Ping. Your thoughts on this Hal?

This is quite interesting. The question is: Can we guarantee that all data dependencies are also encoded as chain dependencies? If so, then I'm happy with this -- although I'd also like some loud comments (maybe in include/llvm/CodeGen/ISDOpcodes.h), and ideally some verification code which can be enabled under expensive checks.

My worry here is not just about what we generate, but about what FindBetterChain might do. It would need to specifically not remove a chain dependency that was present to protect/represent a value dependency.

ppc64-align-long-double.ll now may see multiple serializations of its stores

What does this mean? I see you've put in CHECK-DAGs, but do you mean the order has changed or that there are now multiple stores?

Ping. Your thoughts on this Hal?

This is quite interesting. The question is: Can we guarantee that all data dependencies are also encoded as chain dependencies? If so, then I'm happy with this -- although I'd also like some loud comments (maybe in include/llvm/CodeGen/ISDOpcodes.h), and ideally some verification code which can be enabled under expensive checks.

*NO* we can't, as is exemplified by newly reported issue in D18336 (which is broken both before and after this change). However, what we *should* guarantee is that memory dependencies are always encoded by the chain, and not indirectly through value dependencies. That was what was happening before, in the memcpy expansion, and what ought not happen.

To fix that other issue, we will need to ensure none of the stores being merged are a predecessor of any others.

My worry here is not just about what we generate, but about what FindBetterChain might do. It would need to specifically not remove a chain dependency that was present to protect/represent a value dependency.

Well, this code being removed here did not actually try to prevent that. As it turns out, neither did anything else. (But that's another bug!)

I think the chain should not need to represent value dependencies (it doesn't now), but neither should value dependencies represent memory ordering dependencies (and this hack added because memcpy was using them that way).

ppc64-align-long-double.ll now may see multiple serializations of its stores

What does this mean? I see you've put in CHECK-DAGs, but do you mean the order has changed or that there are now multiple stores?

ppc64-align-long-double.ll now may see multiple serializations of its stores

What does this mean? I see you've put in CHECK-DAGs, but do you mean the order has changed or that there are now multiple stores?

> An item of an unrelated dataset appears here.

(* Let $\mathcal N$ be an $(M,N,q)$-Schreier norming set. Let $k\ge2$ and let $a_1,\dots,a_{k-1}$ be non-negative integers, not all zero. If $x_1^*,\dots,x_t^*\in\mathcal N$ is an $S_{\sum_{\ell<k}a_\ell n_{2\ell}}$-admissible block sequence and $(\beta_i)_{i=1}^t\in Ba(\ell_q)$, then $$\frac{1}{\prod_{\ell<k}m_{2\ell}^{a_\ell}}\sum_{i=1}^t\beta_ix_i^*\in\mathcal N.$$
   Context: Notation. $c_{00}$ is the space of finitely supported real sequences, $(e_i)_{i\ge1}$ its unit vector basis and $(e_i^* )_{i\ge1}$ the biorthogonal functionals. For a functional $x^*=\sum_i a_ie_i^*$, ${\rm supp}\,x^*=\{i:a_i\neq0\}$. For finite $E,F\subset\mathbb N$, $E<F$ means $\max E<\min F$. $Ba(\ell_q)$ is the closed unit ball of $\ell_q$ (applied to finite scalar sequences). For an interval $E\subset\mathbb N$, $Ex^*$ is the restriction of $x^*$ to the coordinates in $E$. Schreier families: $S_0=\{\{n\}:n\in\mathbb N\}\cup\{\emptyset\}$ and $S_{n+1}=\{\bigcup_{i=1}^mF_i: m\in\mathbb N,\ F_i\in S_n,\ m\le\min F_1,\ F_1<\dots<F_m\}\cup\{\emptyset\}$. Successive finite sets $E_1<\dots<E_k$ are $S_n$-admissible if $\{\min E_1,\dots,\min E_k\}\in S_n$; a finite block sequence $x_1^*,\dots,x_k^*$ (${\rm supp}\,x_1^*<\dots<{\rm supp}\,x_k^*$) is $S_n$-admissible if $({\rm supp}\,x_i^* )_{i=1}^k$ is. Sequences. $M=(m_i)$, $N=(n_i)$ are increasing sequences of positive integers such that (i) $m_1>3$, $m_2=m_1^5$, $m_{2j+1}=m_{2j}^5$ for $j\ge1$, and there is an increasing sequence $(s_i)$ of positive integers with $m_{2j}=\prod_{i=1}^{j-1}m_{2i}^{s_i}$ for $j\ge2$; (ii) defining for $j\ge2$ $f_j=\max\{\rho n_1+\sum_{1\le i<j}\rho_in_{2i}:\ \rho,\rho_i\in\mathbb N\cup\{0\},\ m_1^{\rho}\prod_{1\le i<j}m_{2i}^{\rho_i}<m_{2j}\}$, one has $4f_j<n_{2j}$ for all $j\ge2$, and $5n_1<n_2$. Norming sets. A set $\mathcal N\subset{\rm span}\{e_i^*\}$ is norming if it contains every $e_n^*$, satisfies $|x^*(e_n)|\le1$ for all $x^*\in\mathcal N$, $n\in\mathbb N$, is symmetric, and $Ex^*\in\mathcal N$ for all $x^*\in\mathcal N$ and intervals $E\subset\mathbb N$. $(M,N,q)$-Schreier. Let $1<p,q<\infty$, $1/p+1/q=1$. For $k\ge1$ let $\mathcal N_k$ be the set of all $\frac1{m_{2k}}\sum_{i=1}^d\gamma_ix_i^*$ where $d\in\mathbb N$, $(\gamma_i)_{i=1}^d\in Ba(\ell_q)$, and $x_1^*,\dots,x_d^*\in\mathcal N$ is an $S_{n_{2k}}$-admissible block sequence. Let $\mathcal N^q_\infty$ be the union over $k\ge0$ of the sets of all $\frac1{m_{2k+1}}\sum_{i=1}^d\gamma_iEx_i^*$ where $(\gamma_i)\in 2^{1/p}Ba(\ell_q)$, $E$ is an interval of $\mathbb N$, $x_1^*,\dots,x_d^*$ is an $S_{n_{2k+1}}$-admissible block sequence with $x_i^*\in\mathcal N_{j_i}$ and $j_1,\dots,j_d$ pairwise distinct. A norming set $\mathcal N$ is $(M,N,q)$-Schreier if $\mathcal N_j\subset\mathcal N$ for all $j\ge1$ and $\mathcal N\subset\bigcup_{j\ge1}\mathcal N_j\cup\mathcal N^q_\infty\cup\{\pm e_n^*:n\in\mathbb N\}$. *)

From Stdlib Require Import Reals Lra Lia List Sorted Arith.
Import ListNotations.
Open Scope R_scope.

Just that we no longer have an order dependencies so the store so they may appear in any order.

niravd added a comment.EditedMar 28 2016, 7:06 AM

Now that D18336 is committed, Hal's concerns should be addressed so I think we can move on this.

spatel added a subscriber: spatel.Mar 30 2016, 7:34 AM
jyknight accepted this revision.Apr 8 2016, 11:27 AM
jyknight edited edge metadata.

LGTM.

This revision is now accepted and ready to land.Apr 8 2016, 11:27 AM
This revision was automatically updated to reflect the committed changes.